Start at \(t^*,\) the crossing point.
Fit different models for before \(t^*\) and after \(t^*.\)
Fit a model with a time dependent covariate.
Creative analysis: instead of tumor size, use % change over a set period of time.

examples of PH violations
- over time, the treatment effect lessens (short term benefits)
- tumor size at endpoint is more predictive than tumor size at entrance.
- clinical variables that change over time (lung capacity, weight, white blood cell count)
- exposure variables (pollution, UV rays, etc.)
- age, temperature

8.3.5.5 Log linearity

We’ve also assumed that the log of the hazard ratio is linear in the covariates.
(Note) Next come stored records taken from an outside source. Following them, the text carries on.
(* [f b] is the unique [q] with [phi q - b] in [C]. *)
Lemma dg_iso_onto_of_projection (S C : A -> Prop) :
  dg_submodule rhoA S -> dg_submodule rhoA C ->
  (forall x, S x -> C x -> x = 0) -> (forall q, C (phi q) -> q = 0) ->
  (forall q, exists b c, S b /\ C c /\ phi q = b + c) ->
  (forall b, S b -> exists q, C (phi q - b)) ->
  exists f, dg_iso_onto rhoA rhoQ S f.
Proof.
move=> S_sub C_sub SC0 phiC cover proj_surj.
have [_ [SD [SZ Srho]]] := S_sub; have [_ [CD [CZ Crho]]] := C_sub.
have [phi_lin phi_rho] := phi_hom; have [rhoA_lin _] := actA.
have [f fP] : exists f : A -> Q, forall b, S b -> C (phi (f b) - b).
  apply: (choice (fun b q => S b -> C (phi q - b))) => b.
  by case: (classic (S b)) => [/proj_surj [q Cq] | NSb]; [exists q | exists 0].
have fE b q : S b -> C (phi q - b) -> f b = q.
  move=> Sb Cq; apply/eqP; rewrite -subr_eq0; apply/eqP/phiC.
  have -> : phi (f b - q) = (phi (f b) - b) - (phi q - b).
    by rewrite linB // opprB addrA subrK.
  exact: dg_submoduleB C_sub (fP b Sb) Cq.
exists f; split.
  move=> c u v Su Sv; apply: fE; first by apply/SD/Sv/SZ.
  have -> : phi (c *: f u + f v) - (c *: u + v) = c *: (phi (f u) - u) + (phi (f v) - v).
    by rewrite phi_lin scalerBr opprD addrACA.
  by apply/CD/fP/Sv/CZ/fP.
split.
  move=> g u Su; apply: fE; first exact: Srho.
  by rewrite phi_rho -(linB (rhoA_lin g)); apply/Crho/fP.
split.
  move=> u v Su Sv Euv; apply/eqP; rewrite -subr_eq0; apply/eqP/SC0.
    exact: dg_submoduleB S_sub Su Sv.
  have -> : u - v = (phi (f v) - v) - (phi (f u) - u).
    by rewrite Euv opprB [RHS]addrC addrA subrK.
  exact: dg_submoduleB C_sub (fP v Sv) (fP u Su).
move=> q; have [b [c [Sb [Cc Eq]]]] := cover q.
by exists b; split=> //; apply: fE; rewrite // Eq addrC addKr.
Qed.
That a one unit change in any covariate has the same effect on the log of the HR (at any level of the covariate). Just like with logistic regression, this assumption is hard to check. However, we can see how the modeling performs by checking to see if quadratic (or other higher order terms) are significant in the model. Another possibility is to categorize a continuous predictor to check PH assumptions as above.

8.4 Other stuff

8.4.1 Sample Size Calculation

8.4.1.1 Sample Size for Two Independent Sample Means Inference

Taking a step back to consider a slightly simpler inference (two sample mean), let’s say we want a size of \(\alpha=0.05\) and a power of \(1-\beta=0.8.\) What does that mean? How do they relate to the type I and type II errors? Draw some pictures. We’re talking about the only thing we can control: the sample size. We cannot actually control the truth of the hypotheses, the extent of the difference in in \(H_0\) versus \(H_A,\) or the variability of the underlying population. We can control the sample size. The larger your sample size, the easier it is to identify a true alternative hypothesis (that is, the higher the power).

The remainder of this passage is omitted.